To some extent you are right, but AAISP (the ISP I am with) have thought about this already. Take a read here: http://aa.net.uk/kb-broadband-shaping.html

Specifically this:

Matching BRAS rate our end

We match the BRAS rate our end, limiting your line in the same way. This is in line with us not being the bottleneck as we set the rate the same as the BRAS. For 20CN, we even have a system to seamlessly change this rate without dropping your connection as soon as BT advise us of a BRAS rate change which can be hours after the line changes to a new sync speed. On 21CN the rate updates every time you connect.

We do this for two main reasons - (a) to allow load balancing if you have multiple lines - sending the right amounts of traffic to each line, and (b) handling attacks. If someone was to send, say, 500Mb/s to your line, we do not want 500Mb/s going to BT only to be thrown away by the BRAS - we limit the traffic we send to BT to what your line will take and so do not affect other customers if your line is attacked. We also use this as the benchmark for working out if you are being attacked so we can disconnect your line (talk to us on irc if you want more details on this). This limit also stops the discarded traffic in an attack counting against your chargeable usage.

So yes, if someone was to DDOS me just below my line rate, I would most likely be charged for all that traffic. I'd have to call them up about it.
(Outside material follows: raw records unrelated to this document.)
(* Let $(L,\wedge,\vee,0,1)$ be a bounded lattice and for $x,y\in L$ set $x\boxdot y:=\{z\in L\mid x\wedge y=x\wedge z=z\wedge y\}$. Then $(L,\boxdot,1)$ is a commutative, total and reproductive mosaic, in which the inverse of each $x\in L$ is $x$ itself. Moreover, $0$ is the unique element $z\in L$ such that for all $x\in L$: $z\in x\boxdot x$ implies $x=z$.
   Context: A multioperation on a set $A$ is a function $\boxdot:A\times A\to\wp(A)$; for $x\in A$ and $Y\subseteq A$, $x\boxdot Y:=\bigcup_{y\in Y}x\boxdot y$. It is total if $x\boxdot y\ne\emptyset$ for all $x,y$; commutative if $x\boxdot y=y\boxdot x$; reproductive if $x\boxdot A=A$ for all $x\in A$. A neutral element $e$ satisfies $e\boxdot x=x\boxdot e=\{x\}$ for all $x$. For an endofunction $\rho$, $\rho$-reversibility means: $z\in x\boxdot y$ implies $x\in z\boxdot\rho(y)$ and $y\in\rho(x)\boxdot z$. A mosaic $(A,\boxdot,e)$ is a set with a multioperation with neutral element $e$ that is $\rho$-reversible for some endofunction $\rho$. An inverse of $x$ is an element $y$ with $e\in(x\boxdot y)\cap(y\boxdot x)$. *)

From HB Require Import structures.
From mathcomp Require Import all_boot all_order.
Set Implicit Arguments. Unset Strict Implicit. Unset Printing Implicit Defensive.
Import Order.TTheory.
Local Open Scope order_scope.

(* A multioperation on A: mop x y is the subset x ⊡ y of A, as a predicate;
   z ∈ x ⊡ y is written  mop x y z. *)
Definition multiop (A : Type) := A -> A -> A -> Prop.

Definition mop_total A (m : multiop A) := forall x y, exists z, m x y z.
Definition mop_commutative A (m : multiop A) :=
  forall x y z, m x y z <-> m y x z.
(* x ⊡ A = A, where x ⊡ A = \bigcup_{y} x ⊡ y (the inclusion ⊆ is trivial) *)
Definition mop_reproductive A (m : multiop A) :=
  forall x w, (exists y, m x y w) <-> True.
Definition mop_neutral A (m : multiop A) (e : A) :=
  forall x z, (m e x z <-> z = x) /\ (m x e z <-> z = x).
Definition mop_reversible A (m : multiop A) (rho : A -> A) :=
  forall x y z, m x y z -> m z (rho y) x /\ m (rho x) z y.
Definition mosaic A (m : multiop A) (e : A) :=
  mop_neutral m e /\ exists rho : A -> A, mop_reversible m rho.
Definition mop_inverse A (m : multiop A) (e x y : A) :=
  m x y e /\ m y x e.

Definition lat_box d (L : latticeType d) : multiop L :=
  fun x y z => x `&` y = x `&` z /\ x `&` z = z `&` y.

From mathcomp Require Import all_boot all_order.
Set Implicit Arguments. Unset Strict Implicit. Unset Printing Implicit Defensive.
Import Order.TTheory.
Local Open Scope order_scope.

(* z ∈ x ⊡ y says that the three pairwise meets of x, y, z coincide, a
   condition invariant under all permutations of (x, y, z); this gives
   commutativity and reversibility with ρ = id.  Moreover x ⊡ y ∋ x ∧ y,
   x ⊡ 1 = {x}, 1 ∈ x ⊡ y iff x = y, and x ⊡ x is the up-set of x, whose
   least element is 0 only when x = 0; so 0 is the only z lying in no
   diagonal x ⊡ x with x ≠ z. *)

Section LatticeBox.
Variables (d : Order.disp_t) (L : latticeType d).
Implicit Types x y z : L.

Lemma lat_boxC x y z : lat_box x y z -> lat_box y x z.
Proof.
move=> [exy exz]; split; first by rewrite meetC exy exz meetC.
by rewrite [z `&` x]meetC exz meetC.
Qed.

Lemma lat_box_rev x y z : lat_box x y z -> lat_box z y x.
Proof.
move=> [exy exz]; split; first by rewrite -exz meetC.
by rewrite meetC exy.
Qed.

Lemma lat_boxCr x y z : lat_box x y z -> lat_box x z y.
Proof. by move=> /lat_boxC /lat_box_rev /lat_boxC. Qed.

Lemma lat_box_commutative : mop_commutative (@lat_box d L).
Proof. by move=> x y z; split; apply: lat_boxC. Qed.

Lemma lat_box_reversible : mop_reversible (@lat_box d L) id.
Proof. by move=> x y z xyz; split; [apply: lat_box_rev | apply: lat_boxCr]. Qed.

Lemma lat_box_meet x y : lat_box x y (x `&` y).
Proof. by split; rewrite meetKI // -meetA meetxx. Qed.

Lemma lat_box_total : mop_total (@lat_box d L).
Proof. by move=> x y; exists (x `&` y); apply: lat_box_meet. Qed.

Lemma lat_box_reproductive : mop_reproductive (@lat_box d L).
Proof. by move=> x w; split=> // _; exists (x `&` w); apply/lat_boxCr/lat_box_meet. Qed.

Lemma lat_box_diagE x z : lat_box x x z <-> x <= z.
Proof.
rewrite /lat_box leEmeet meetxx [z `&` x]meetC.
by split=> [[<-] | /eqP ->].
Qed.

End LatticeBox.

Section TopBox.
Variables (d : Order.disp_t) (L : tLatticeType d).
Implicit Types x y z : L.

Lemma lat_box1x x z : lat_box \top x z <-> z = x.
Proof. by rewrite /lat_box !meet1x; split=> [[->] | ->]; rewrite ?meetxx. Qed.

Lemma lat_box_neutral : mop_neutral (@lat_box d L) \top.
Proof.
move=> x z; split; first exact: lat_box1x.
by split=> [/lat_boxC /lat_box1x | /lat_box1x /lat_boxC].
Qed.

Lemma lat_box_mosaic : mosaic (@lat_box d L) \top.
Proof. by split; [apply: lat_box_neutral | exists id; apply: lat_box_reversible]. Qed.

Lemma lat_box_top x y : lat_box x y \top <-> y = x.
Proof.
split; last by move=> ->; apply/lat_box_diagE/lex1.
by move=> /lat_box_rev /lat_box1x ->.
Qed.

Lemma lat_box_inverseE x y : mop_inverse (@lat_box d L) \top x y <-> y = x.
Proof.
split; first by move=> [/lat_box_top].
by move=> yx; split; apply/lat_box_top.
Qed.

End TopBox.

Section BottomBox.
Variables (d : Order.disp_t) (L : bLatticeType d).
Implicit Types x z : L.

Lemma lat_box_diag0 x : lat_box x x \bot -> x = \bot.
Proof. by move=> /lat_box_diagE; rewrite lex0 => /eqP. Qed.

Lemma lat_box_diag_fix0 z : (forall x, lat_box x x z -> x = z) -> z = \bot.
Proof. by move=> fix_z; symmetry; apply/fix_z/lat_box_diagE/le0x. Qed.

End BottomBox.

Theorem mainTheorem5 (d : Order.disp_t) (L : tbLatticeType d) :
  mosaic (@lat_box d L) \top /\
  mop_commutative (@lat_box d L) /\
  mop_total (@lat_box d L) /\
  mop_reproductive (@lat_box d L) /\
  (forall x : L, mop_inverse (@lat_box d L) \top x x /\
     (forall y : L, mop_inverse (@lat_box d L) \top x y -> y = x)) /\
  (forall x : L, lat_box x x \bot -> x = \bot) /\
  (forall z : L, (forall x : L, lat_box x x z -> x = z) -> z = \bot).
Proof.
split; first exact: lat_box_mosaic.
split; first exact: lat_box_commutative.
split; first exact: lat_box_total.
split; first exact: lat_box_reproductive.
split; first by move=> x; split=> [|y /lat_box_inverseE //]; exact/lat_box_inverseE.
split; [exact: lat_box_diag0 | exact: lat_box_diag_fix0].
Qed.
But, if the attack was so major that it started to exceed my line rate, and caused a notable blip on their network, they would most likely disconnect me to to mitigate the problem (a DDOS attack normally renders the end user connectivity useless anyway, so disconnecting is not making things any worse).

Not all ISPs will do what AAISP detail above, but they should, especially if they are metering traffic usage.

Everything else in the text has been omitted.